Cambridge University researchers have detailed a new way targeted vulnerabilities can be introduced into source code while making them invisible to human code reviewers, allowing for extensive supply-chain attacks.


“We have discovered ways of manipulating the encoding of source code files so that human viewers and compilers see different logic. One particularly pernicious method uses Unicode directionality override characters to display code as an anagram of its true logic,” professor Ross Anderson explained.

The Trojan Source bugs and attacks patterns

Anderson and fellow researcher (and PhD student) Nicholas Boucher have revealed two attack patterns, collectively dubbed Trojan Source attacks.

CVE-2021-42574 is a vulnerability in the bidirectional algorithm in the Unicode Specification. Attackers can use Unicode control characters to reorder tokens in source code at the encoding level, and effectively allow them to craft code that is see one way by compilers and another way by human reviewers. The researchers dubbed this the Bidi attack, and fear that it could lead to widespread supply-chain attacks on source code.

CVE-2021-42694 is an exploitable issue in the character definitions of the Unicode Specification. Attackers can use homoglyphs to produce source code identifiers (e.g., function names) that are visually identical to a target identifier.

“This adversarial function then performs some malicious action, then optionally calls the original function it is impersonating. When defined in upstream dependencies such as open source software, these adversarial functions can be imported into downstream software and invoked without visual indication of malicious code,” the researchers noted. They dubbed this the homoglyph attack.

More technical details can be found in their paper.

Fixing the problem

The researchers created POCs and verified that the Trojan Source attacks work in C, C++, C#, JavaScript, Java, Rust, Go, and Python. They believe other programming languages that support internationalized text in comments and string literals may be vulnerable as well.

They also proposed a number of defense measures that should be implemented in compilers, interpreters, and build pipelines supporting Unicode; language specifications; and code (text) editors and repository front-ends.

They disclosed their findings (under embargo) to a variety of organizations and companies that can work on building these defenses.

“We are of the view that the long-term solution to the problem will be deployed in compilers. We note that almost all compilers already defend against one related attack, which involves creating adversarial function names using zero-width space characters, while three generate errors in response to another, which exploits homoglyphs in function names,” they shared.

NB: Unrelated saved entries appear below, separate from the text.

Lemma within_continuous_gt_near f t z : {within `[0, +oo[, continuous f} ->
  0 <= t -> z < f t -> \forall s \near t, 0 <= s -> z < f s.
Proof.
move=> cf t0 zf; have := (subspace_continuousP _ _).1 cf t.
rewrite /= in_itv /= andbT => /(_ t0) /cvgr_gt /(_ _ zf).
rewrite near_withinE; apply: filterS => s fs s0; apply: fs.
by rewrite /= in_itv /= andbT.
Qed.

Lemma within_continuous_lt_near f t z : {within `[0, +oo[, continuous f} ->
  0 <= t -> f t < z -> \forall s \near t, 0 <= s -> f s < z.
Proof.
move=> cf t0 fz; have := (subspace_continuousP _ _).1 cf t.
rewrite /= in_itv /= andbT => /(_ t0) /cvgr_lt /(_ _ fz).
rewrite near_withinE; apply: filterS => s fs s0; apply: fs.
by rewrite /= in_itv /= andbT.
Qed.

Lemma left_nonneg_point t e : 0 < t -> 0 < e ->
  exists s, 0 <= s < t /\ t - e < s < t.
Proof.
move=> t0 e0; exists (t - Num.min t e / 2).
have me : 0 < Num.min t e by rewrite lt_min t0.
have [mt mle] : Num.min t e <= t /\ Num.min t e <= e by rewrite !ge_min !lexx orbT.
by split; apply/andP; split; lra.
Qed.

Lemma within_continuous_ge0_left f t : {within `[0, +oo[, continuous f} ->
  0 < t -> (forall s, 0 <= s < t -> 0 < f s) -> 0 <= f t.
Proof.
move=> cf t0 fpos; rewrite leNgt; apply/negP => ft.
have /nbhs_ballP[e /= e0 He] := within_continuous_lt_near cf (ltW t0) ft.
have [s [s0 /andP[ts st]]] := left_nonneg_point t0 e0.
have : `|t - s| < e by rewrite ger0_norm; lra.
move=> /He /(_ (proj1 (andP s0))) fs; have := fpos s s0; lra.
Qed.

Section FirstExit.
Variables (I : finType) (g : I -> R -> R).
Hypotheses (g_cont : forall k, {within `[0, +oo[, continuous (g k)})
  (g0_gt0 : forall k, 0 < g k 0).

Lemma first_exit_time t0 k0 : 0 <= t0 -> g k0 t0 <= 0 ->
  exists T, [/\ 0 < T, forall k s, 0 <= s < T -> 0 < g k s,
    forall k, 0 <= g k T & exists j, g j T = 0].
Proof.
move=> t00 gk0.
pose E := [set t | 0 <= t /\ exists k, g k t <= 0].
have En : nonempty E by exists t0; split => //; exists k0.
have El : lbound E 0 by move=> y [].
pose T := inf E.
have T0 : 0 <= T := lb_le_inf En El.
have TleE y : E y -> T <= y by apply: ge_inf; exists 0.
have below k s : 0 <= s < T -> 0 < g k s.
  case/andP=> s0 sT; rewrite ltNge; apply/negP => gks.
  by have := TleE s (conj s0 (ex_intro _ k gks)); rewrite leNgt sT.
have [k gkT] : exists k, g k T <= 0.
  have [//|noneg] := pselect (exists k, g k T <= 0); exfalso.
  have pos k : 0 < g k T by rewrite ltNge; apply/negP => gk; apply: noneg; exists k.
  have /nbhs_ballP[e /= e0 He] : \forall s \near T, forall k, 0 <= s -> 0 < g k s.
    apply: (@filter_forall R I (fun k s => 0 <= s -> 0 < g k s) _ (nbhs_filter T)) => k.
    exact: within_continuous_gt_near.
  suff : T + e / 2 <= T by lra.
  apply: lb_le_inf => // y [y0 [k' gky]]; rewrite leNgt; apply/negP => yl.
  have Ty := TleE y (conj y0 (ex_intro _ k' gky)).
  have /He /(_ k' y0) : ball T e y by rewrite /ball /= distrC ger0_norm; lra.
  lra.
have T_gt0 : 0 < T.
  rewrite lt_neqAle T0 andbT; apply/eqP => T00.
  by have := g0_gt0 k; rewrite T00; lra.
have T_ge0 k' : 0 <= g k' T by apply: within_continuous_ge0_left => // s /below.
by exists T; split => //; exists k; apply/eqP; rewrite eq_le gkT T_ge0.
Qed.
(* For all $k\in\mathbb{N}$ and all indices $i\ne j$ in their respective ranges, $\lambda^{(k)}_{i,j}\ge0$ and $\mu^{(k)}_{i,j}\ge0$.
   Context: $\rho=1+\sqrt2$; $\alpha_t=\rho^{\nu(t+1)-1}+1$ ($\nu(i)$ the largest $j$ with $2^j\mid i$). For $k\in\mathbb{N}$, $n=2^k-1$, $\pi^{(k)}=[\alpha_0,\dots,\alpha_{n-1}]\in\mathbb{R}^n$, indexed $\pi^{(k)}_1,\dots,\pi^{(k)}_n$. Define $c^{(k)}\in\mathbb{R}^n$ (indexed $1,\dots,n$) by $c^{(1)}=[2(\rho-1)]$, $c^{(k+1)}=[\pi^{(k)},(1+\rho^{-k})(\rho^{k-1}+1),\rho c^{(k)}-(\rho-1-\rho^{-k})\pi^{(k)}]$. Multipliers $\lambda^{(k)}_{i,j}$, $i\in\{0,\dots,n,*\}$, $j\in\{0,\dots,n\}$: $\lambda^{(k)}_{i,j}=\bar\lambda^{(k)}_{i,j}$ for $i\ne *$ and $\lambda^{(k)}_{*,j}=\underline\lambda^{(k)}_j$, where $\underline\lambda^{(k)}=[\pi^{(k)},\rho^k]$ indexed $0,\dots,n$ (so $\underline\lambda^{(k)}_j=\alpha_j$ for $j<n$, $\underline\lambda^{(k)}_n=\rho^k$). $\bar\lambda^{(1)}$ (indices $0,1$) has $\bar\lambda^{(1)}_{0,1}=\rho$, $\bar\lambda^{(1)}_{1,0}=1$, other entries $0$. For $n=2^k-1$ and indices $0\le i,j\le 2n+1$, $\bar\lambda^{(k+1)}_{i,j}$ is the sum of: $\bar\lambda^{(k)}_{i,j}\mathbf 1\{0\le i,j\le n\}+\rho^2\bar\lambda^{(k)}_{i-n-1,j-n-1}\mathbf 1\{n+1\le i,j\le 2n+1\}$; $\rho\mathbf 1\{(i,j)=(n,2n+1)\}+\rho^k\mathbf 1\{(i,j)=(2n+1,n)\}$; and $\rho\pi^{(k)}_{j-n}\mathbf 1\{i=n,\ n+1\le j\le 2n\}+\rho\pi^{(k)}_{j-n}\mathbf 1\{i=2n+1,\ n+1\le j\le 2n\}$. Multipliers $\mu^{(k)}_{i,j}$, $i\in\{1,\dots,n,*\}$, $j\in\{1,\dots,n\}$: $\mu^{(k)}_{i,j}=\bar\mu^{(k)}_{i,j}$ for $i\ne*$ and $\mu^{(k)}_{*,j}=c^{(k)}_j+\mathbf 1\{j=1\}$. $\bar\mu^{(1)}_{1,1}=0$. For $1\le i,j\le 2n+1$, $\bar\mu^{(k+1)}_{i,j}$ is the sum of: $\bar\mu^{(k)}_{i,j}\mathbf 1\{1\le i,j\le n\}+\rho^2\bar\mu^{(k)}_{i-n-1,j-n-1}\mathbf 1\{n+2\le i,j\le 2n+1\}$; $\rho^k\mathbf 1\{(i,j)=(n,n+1)\}+\rho^2\mathbf 1\{(i,j)=(n+1,n+2)\}+(\rho-\rho^{-k})(\rho^{k-1}+1)\mathbf 1\{(i,j)=(2n+1,n+1)\}$; and $\big(1-\frac{\rho^k}{\rho^{k-1}+1}\big)(c^{(k)}_j-\pi^{(k)}_j)\mathbf 1\{i=n,1\le j\le n\}+\frac{\rho^k}{\rho^{k-1}+1}(c^{(k)}_j-\pi^{(k)}_j)\mathbf 1\{i=n+1,1\le j\le n\}+\frac{\rho^k}{\rho^{k-1}+1}\pi^{(k)}_{j-n-1}\mathbf 1\{i=n,n+2\le j\le 2n+1\}+\frac{\rho}{\rho^{k-1}+1}\pi^{(k)}_{j-n-1}\mathbf 1\{i=n+1,n+2\le j\le2n+1\}+\big((\rho+1)c^{(k)}_{j-n-1}-(1+\rho^{-k})\pi^{(k)}_{j-n-1}\big)\mathbf 1\{i=2n+1,n+2\le j\le 2n+1\}$. *)

From Stdlib Require Import Reals ZArith Arith Lia.
Open Scope R_scope.

Definition rho : R := 1 + sqrt 2.

Fixpoint nu_fuel (f i : nat) : nat :=
  match f with
  | O => O
  | S f' => if Nat.eqb i 0 then O
            else if Nat.even i then S (nu_fuel f' (Nat.div2 i)) else O
  end.
Definition nu (i : nat) : nat := nu_fuel i i.

(* alpha_t = rho^(nu(t+1) - 1) + 1  (integer exponent, may be -1) *)
Definition alpha (t : nat) : R :=
  powerRZ rho (Z.of_nat (nu (t + 1)) - 1) + 1.

Definition dim (k : nat) : nat := 2 ^ k - 1.

Definition ind (b : bool) (x : R) : R := if b then x else 0.

Definition piv (k j : nat) : R :=
  ind ((1 <=? j)%nat && (j <=? dim k)%nat) (alpha (j - 1)).

(* c^(k), indexed 1..n; c^(0) is a dummy (zero). *)
Definition c_step (k : nat) (ck : nat -> R) (j : nat) : R :=
  let n := dim k in
  ind ((1 <=? j)%nat && (j <=? n)%nat) (piv k j)
  + ind (Nat.eqb j (n + 1)) ((1 + / rho ^ k) * (rho ^ (k - 1) + 1))
  + ind ((n + 2 <=? j)%nat && (j <=? 2 * n + 1)%nat)
        (rho * ck (j - n - 1)%nat - (rho - 1 - / rho ^ k) * piv k (j - n - 1)%nat).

“About half of the compiler maintainers we contacted during the disclosure period are working on patches or have committed to do so. As the others are dragging their feet, it is prudent to deploy other controls in the meantime where this is quick and cheap, or relevant and needful. Three firms that maintain code repositories are also deploying defences. We recommend that governments and firms that rely on critical software should identify their suppliers’ posture, exert pressure on them to implement adequate defences, and ensure that any gaps are covered by controls elsewhere in their toolchain.”

Organizations that have already implemented fixes and are working on detections in their supply chain include the Rust teamGitHubRedHat, and Atlassian (multiple products are affected).

Anderson and Boucher said that after scanning as much of the open source ecosystem as they could for signs of Trojan Source attacks in the wild, they mostly found false positives.

“However, we did find some evidence of techniques similar to Trojan Source attacks being exploited. In one instance, a static code analysis tool for smart contracts, Slither, contained scanning for right-to-left override characters,” they noted.

“We also discovered multiple instances of JavaScript obfuscation that used Bidi characters to assist in obscuring code. This is not necessarily malicious, but is still an interesting use of directionality overrides. Finally, we found multiple implementations of exploit generators for directionality override in filename extensions.”

In the wake of the release of this research, Péter Szilágyi, team lead at Ethereum, pointed out that he discovered the (Bidi) issue five years ago and reported it to the team developing the Go programming language.